Algarve tax workers join the national strike with two concentrations in Faro

Strike will take place between the 1st and 5th of December

Photos: Hugo Rodrigues | Sul Informação

The Algarve will join the national strike of workers of the Tax and Customs Authority with two concentrations, one on December 2, with the Directorate of Finance of Faro, and another on the 5th, at the Airport of Faro.

The objective of these initiatives is "to demonstrate the deep discontent of workers with their professional situation", according to the district of Faro of the Tax Workers Union (STI), which marked a stoppage between the 1st and 5th of December.

On December 2, the concentration with the Directorate of Finance of Faro is scheduled for 15:00.

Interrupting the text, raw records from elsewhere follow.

(* For all integers $n,d$ with $n\ge h$ and $0\le d\le\rho(m)-1$: \[ \sum_{i=0}^{\rho(m)-1}\mu_i\;\le\;\sum_{f=1}^h y(n-f)\;\le\;\rho(m)+\sum_{i=0}^{\rho(m)-1}\mu_i, \] and \[ \sum_{i=d+1}^{\rho(m)-1}\mu_i\;\le\;\sum_{f=1}^h w(n-f,d)\;\le\;\rho(m)-d-1+\sum_{i=0}^{\rho(m)-1}\mu_i . \]
   Context: For $u\in\mathbb{R}$ let $\mathbf 1[u]=1$ if $u\ge 0$ and $\mathbf 1[u]=0$ if $u<0$. Let $m$ be a positive integer and let $\rho(m)$ denote the number of primes $p$ with $2m<p<3m$; assume $\rho(m)\ge 2$. List these primes as $p_0>p_1>\dots>p_{\rho(m)-1}$ and put $\alpha_i=3m-p_i$. Let $k=(6m-1)\rho(m)$, $\mu_i=\lfloor k/p_i\rfloor$, $\beta_i=k-p_i\mu_i$. Define weights $\bar a_j$, $1\le j\le k$: if $\rho(m)$ is even, $\bar a_j=2$ if $j=\ell p_i$ for some $i$ and some $\ell$ with $1\le \ell\le 3\rho(m)/2$, $\bar a_j=-2$ if $j=\ell p_i$ with $3\rho(m)/2<\ell\le 2\rho(m)$, and $\bar a_j=0$ otherwise; if $\rho(m)$ is odd, $\bar a_j=2$ if $j=\ell p_i$ with $1\le\ell\le (3\rho(m)-1)/2$, $\bar a_j=-2$ if $j=\ell p_i$ with $(3\rho(m)+1)/2\le \ell\le 2\rho(m)-2$, $\bar a_j=-1$ if $j=\ell p_i$ with $\ell\in\{2\rho(m)-1,2\rho(m)\}$, and $\bar a_j=0$ otherwise (well defined since the sets $\{\ell p_i:1\le\ell\le2\rho(m)\}$ are pairwise disjoint). Let $\bar\theta=2\rho(m)$. For each $i$ define $x^{\alpha_i}(t)$ for $0\le t\le k-1$ by $x^{\alpha_i}(t)=1$ if $t=\beta_i+\ell p_i$ for some $0\le \ell\le\mu_i-1$ and $x^{\alpha_i}(t)=0$ otherwise, and for $t\ge k$ by $x^{\alpha_i}(t)=\mathbf 1\big[\sum_{j=1}^k \bar a_j x^{\alpha_i}(t-j)-\bar\theta\big]$. Let $h=\rho(m)k$. For $1\le f\le h$ let $b_f=\bar a_j$ if $f=\rho(m)j$ with $1\le j\le k$, and $b_f=0$ otherwise. Define $(y(n))_{n\ge0}$ by $y(\rho(m)j+i)=x^{\alpha_i}(1+j)$ for $0\le j\le k-1$, $0\le i\le\rho(m)-1$, and $y(n)=\mathbf 1\big[\sum_{f=1}^h b_f y(n-f)-\bar\theta\big]$ for $n\ge h$. Let $L_1(d)=\rho(m)\cdot\mathrm{lcm}(p_0,\dots,p_d)$ for $0\le d\le\rho(m)-1$. For $0\le d\le\rho(m)-1$ define $(w(n,d))_{n\ge0}$ by: for $0\le i\le d$, $w(\rho(m)j+i,d)=x^{\alpha_i}(1+j)$ for $0\le j\le k-2$ and $w(\rho(m)(k-1)+i,d)=1-x^{\alpha_i}(k)$; for $d+1\le i\le\rho(m)-1$ and $0\le j\le k-1$, $w(\rho(m)j+i,d)=y(\rho(m)j+i+L_1(d))$; and $w(n,d)=\mathbf 1\big[\sum_{f=1}^h b_f w(n-f,d)-\bar\theta\big]$ for $n\ge h$. *)

From HB Require Import structures.
From mathcomp Require Import all_boot all_order all_algebra.
Set Implicit Arguments. Unset Strict Implicit. Unset Printing Implicit Defensive.
Import Order.TTheory GRing.Theory Num.Theory.
Local Open Scope ring_scope.
Local Open Scope nat_scope.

On the 5th, a Sunday, at 11:00 am, union members and workers who join the strike will be at the Airport of Faro, "next to the two exit doors for passengers, between the cafe and the taxi stand".

"The STI is a union that privileges dialogue and the participatory process of presenting concrete proposals for solving the problems that the Tax and Customs Authority (AT) faces, in terms of human resources, and also at the organizational level", assure the unionists.

«After more than two years of meetings with the Government, where we were always open, constructive and participative, where, in good faith, we trusted in the deadlines that Mr. Deputy Secretary of State for Fiscal Affairs has been directing us to resolve the most urgent issues that we have on the negotiating table, and where we have done everything to help unblock the apparent impasses between the legal interpretations of AT, SEAAF and SEAEP, arrived the time to say enough», they add.

The STI also takes the opportunity to remind that “without taxes there is no State”.

«And without the State, there is no SNS, Security, Public Education, Public Roads and all other goods and services that belong to the People. They are from all of us. Without taxes, there would always be one owner, or several owners of all of this. And even more serious is that our politicians, who lead the destinies of the State, also seem oblivious of this reality», they accuse.